We’ve blogged about cover bands before on TWBITW, so we won’t repeat our general observations about the general suckage of cover bands. We’ll just say that, when your whole career is based on somebody else’s songs, it’s a fine line between having a clever gimmick and being truly weird–and it’s one Tragedy manages to strut along with more attitude than John Travolta wolfing down two stacked slices of Lenny’s thin crust during the opening credits of “Saturday Night Fever”.

In Tragedy’s case, the clever gimmick is pretty simple: they’re a metal band that does Bee Gees songs (or, as they like to say, they’re the tri-state NYC area’s greatest all-metal Bee Gees tribute band…got that?).

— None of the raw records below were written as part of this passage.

(* There is no function $g:\mathbb{N}\to\mathbb{N}$ such that $\operatorname{dbw}(H)\le g(\operatorname{dbw}(J))$ for every digraph $J$ and every directed topological minor $H$ of $J$.
   Context: All digraphs are finite and loopless. Contracting an edge $\vec{xy}$ of $D$ removes $\vec{xy}$, $x$, $y$ and adds a new vertex with in-neighbourhood $(N^-(x)\cup N^-(y))\setminus\{x,y\}$ and out-neighbourhood $(N^+(x)\cup N^+(y))\setminus\{x,y\}$. Let $V_3(D)$ be the set of vertices incident with at least three edges. An edge $\vec{xy}$ is 2-contractible in $D$ if $\{x,y\}\not\subseteq V_3(D)$ and either $\vec{yx}\in E(D)$ or there is no pair $(w,z)$ of vertices of $V_3(D)$ (possibly $w=z$) such that $x$ can reach $w$ and $z$ can reach $y$ by directed paths in $D-\vec{xy}$. $H$ is a directed topological minor of $D$ if $H$ is obtained from a subgraph of $D$ by a sequence of contractions of 2-contractible edges. Directed branch-width: for $X\subseteq E(D)$, $S^V_X=\{y: \exists x,z,\ \vec{xy}\in E(D)\setminus X,\ \vec{yz}\in X\}$; $\operatorname{dbw}(D)$ is the minimum over $(T,\beta)$ ($T$ a tree of maximum degree at most three, $\beta$ a bijection from leaves onto $E(D)$) of the maximum over tree edges of $|S^V_{\beta(Y)}\cup S^V_{E(D)\setminus\beta(Y)}|$, $Y$ the leaves on one side (0 if no tree edges). *)

From Stdlib Require Import ClassicalEpsilon.
From mathcomp Require Import all_boot.
Set Implicit Arguments. Unset Strict Implicit. Unset Printing Implicit Defensive.

Record digraph (T : finType) := Digraph { dv : {set T}; de : {set T * T} }.

Definition wf (T : finType) (D : digraph T) : bool :=
  (de D \subset setX (dv D) (dv D)) && [forall v, (v, v) \notin de D].

Definition subgraph (T : finType) (D0 D : digraph T) : bool :=
  [&& wf D0, dv D0 \subset dv D & de D0 \subset de D].

(* contraction of the arc xy: the merged vertex is represented by x;
   its in/out-neighbourhoods are the unions, minus {x,y}. *)
Definition contract (T : finType) (D : digraph T) (x y : T) : digraph T :=
  let f := fun v => if v == y then x else v in
  Digraph (dv D :\ y)
          [set (f p.1, f p.2) | p in [set p in de D | f p.1 != f p.2]].

Definition V3 (T : finType) (D : digraph T) : {set T} :=
  [set v in dv D | 2 < #|[set p in de D | (p.1 == v) || (p.2 == v)]|].

Definition arc_minus (T : finType) (D : digraph T) (x y : T) : rel T :=
  fun u v => ((u, v) \in de D) && ((u, v) != (x, y)).

Definition two_contractible (T : finType) (D : digraph T) (x y : T) : bool :=
  ~~ ((x \in V3 D) && (y \in V3 D)) &&
  (((y, x) \in de D) ||
   ~~ [exists w, exists z,
        [&& w \in V3 D, z \in V3 D,
            connect (arc_minus D x y) x w & connect (arc_minus D x y) z y]]).

Inductive contracts_to (T : finType) : digraph T -> digraph T -> Prop :=
| ct_refl D : contracts_to D D
| ct_step D x y D' : (x, y) \in de D -> two_contractible D x y ->
    contracts_to (contract D x y) D' -> contracts_to D D'.

Definition isomorphic (T' T : finType) (H : digraph T') (D : digraph T) : Prop :=
  exists f : T' -> T,
    [/\ {in dv H &, injective f}, f @: dv H = dv D &
        {in dv H &, forall u v, ((u, v) \in de H) = ((f u, f v) \in de D)}].

Definition dtop_minor (T' T : finType) (H : digraph T') (J : digraph T) : Prop :=
  exists D0 D1 : digraph T, subgraph D0 J /\ contracts_to D0 D1 /\ isomorphic H D1.

Definition SV (T : finType) (E X : {set T * T}) : {set T} :=
  [set v | [exists u, exists w, ((u, v) \in E :\: X) && ((v, w) \in X)]].

Definition is_subcubic_tree (U : finType) (t : rel U) : Prop :=
  [/\ symmetric t, irreflexive t,
      (forall a b, connect t a b),
      (forall a b, t a b ->
         ~~ connect (fun u v => t u v && ~~ (((u == a) && (v == b)) || ((u == b) && (v == a)))) a b)
    & (forall u, #|[set v | t u v]| <= 3)].

Definition leaves (U : finType) (t : rel U) : {set U} :=
  [set u | #|[set v | t u v]| <= 1].

(* leaves on the side of a when the tree edge ab is removed *)
Definition side (U : finType) (t : rel U) (a b : U) : {set U} :=
  [set u in leaves t |
    connect (fun u v => t u v && ~~ (((u == a) && (v == b)) || ((u == b) && (v == a)))) a u].

Definition dbw_le (T : finType) (D : digraph T) (k : nat) : Prop :=
  de D = set0 \/
  exists (U : finType) (t : rel U) (beta : U -> T * T),
    [/\ is_subcubic_tree t, {in leaves t &, injective beta},
        beta @: leaves t = de D &
        forall a b, t a b ->
          let X := beta @: side t a b in
          #|SV (de D) X :|: SV (de D) (de D :\: X)| <= k].

Definition dbw (T : finType) (D : digraph T) : nat :=
  epsilon (inhabits 0%N)
    (fun k => dbw_le D k /\ forall j, dbw_le D j -> (k <= j)%N).

(* For n : nat we use a six-kind digraph on vertices (k, i), k in
   {A, Y, W, B, X, V}, i < n, parameterised by two index sets S and R that
   record which of the arcs A_i Y_i and X_i B_i have been contracted
   ([gadget S R]).  The digraph J = gadget {} {} has arcs A_i -> B_j,
   A_i -> Y_i, W_i -> Y_i, X_i -> B_i, X_i -> V_i: no vertex is both a head
   and a tail, so no cut has a boundary and dbw J = 0.  Each arc A_i Y_i and
   X_i B_i is 2-contractible (its ends and their neighbourhoods have degree
   at most two), and contracting them all yields H = gadget [set: _] [set: _]
   with arcs W_i -> A_i, A_i -> X_j (all i, j) and X_j -> V_j.  In H the
   boundary of a cut either contains n vertices or squares to more than the
   number of arcs on one side (H_cut); a balanced edge of the decomposition
   tree (balanced_edge) then forces dbw H > K once n >= 2K + 2. *)

From HB Require Import structures.
From Stdlib Require Import ClassicalEpsilon Classical.
From mathcomp Require Import all_boot zify.
Set Implicit Arguments. Unset Strict Implicit. Unset Printing Implicit Defensive.

Lemma least_witness (P : nat -> Prop) k0 :
  P k0 -> exists k, P k /\ forall j, P j -> k <= j.
Proof.
elim/ltn_ind: k0 => k IH Pk.
have [[j [lt_jk Pj]] | no_smaller] := classic (exists j, j < k /\ P j).
  exact: IH lt_jk Pj.
exists k; split=> // j Pj; rewrite leqNgt; apply/negP => lt_jk.
by apply: no_smaller; exists j.
Qed.

Lemma dbw_least (T : finType) (D : digraph T) k0 : dbw_le D k0 ->
  dbw_le D (dbw D) /\ forall j, dbw_le D j -> dbw D <= j.
Proof. by move=> /least_witness ex; exact: (epsilon_spec (inhabits 0) _ ex). Qed.

Lemma connect_fwd (T : finType) (e : rel T) (Q : pred T) x y :
  (forall u v, e u v -> Q u -> Q v) -> connect e x y -> Q x -> Q y.
Proof.
move=> eQ /connectP[p pp ->]; elim: p x pp => //= z p IH x /andP[exz pz] Qx.
by apply: IH => //; apply: eQ exz Qx.
Qed.

Lemma connect_bwd (T : finType) (e : rel T) (Q : pred T) x y :
  (forall u v, e u v -> Q v -> Q u) -> connect e x y -> Q y -> Q x.
Proof.
move=> eQ /connectP[p pp ->]; elim: p x pp => //= z p IH x /andP[exz pz] Qy.
by apply: eQ exz _; apply: IH.
Qed.

Lemma card_bigcup_le (I T : finType) (P : pred I) (F : I -> {set T}) :
  #|\bigcup_(i | P i) F i| <= \sum_(i | P i) #|F i|.
Proof.
elim/big_rec2: _ => [|i n S _ IH]; first by rewrite cards0.
by rewrite (leq_trans (leq_card_setU _ _)) // leq_add2l.
Qed.

Section SubcubicTree.
Variables (U : finType) (t : rel U).
Hypothesis t_tree : is_subcubic_tree t.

But as with most truly weird bands, it’s all in the execution, people. Instead of a one-note gimmick, they actually manage to be a pretty solid metal band, with a knack for finding all the right headbanging analoges to the Gibb bros’ disco touches. And they do it without, as far as I can tell, ever resorting to “I Was Made for Lovin You”-style disco/rock cheese. So… “How Deep Is Your Love?” becomes the lighter flicking monster ballad, “You Should Be Dancing” turns into a Spinal Tap/Iron Maiden-style epic…and so on. It’s all sort of brilliantly stupid, in the way most good metal is.

Tragedy’s signature song, of course, is “Stayin’ Alive.” This video features that song and also introduces the band…including my personal favorite, bass player Gibbous Waning. With that name, he could moonlight in a Morbid Angel cover band while he’s at it.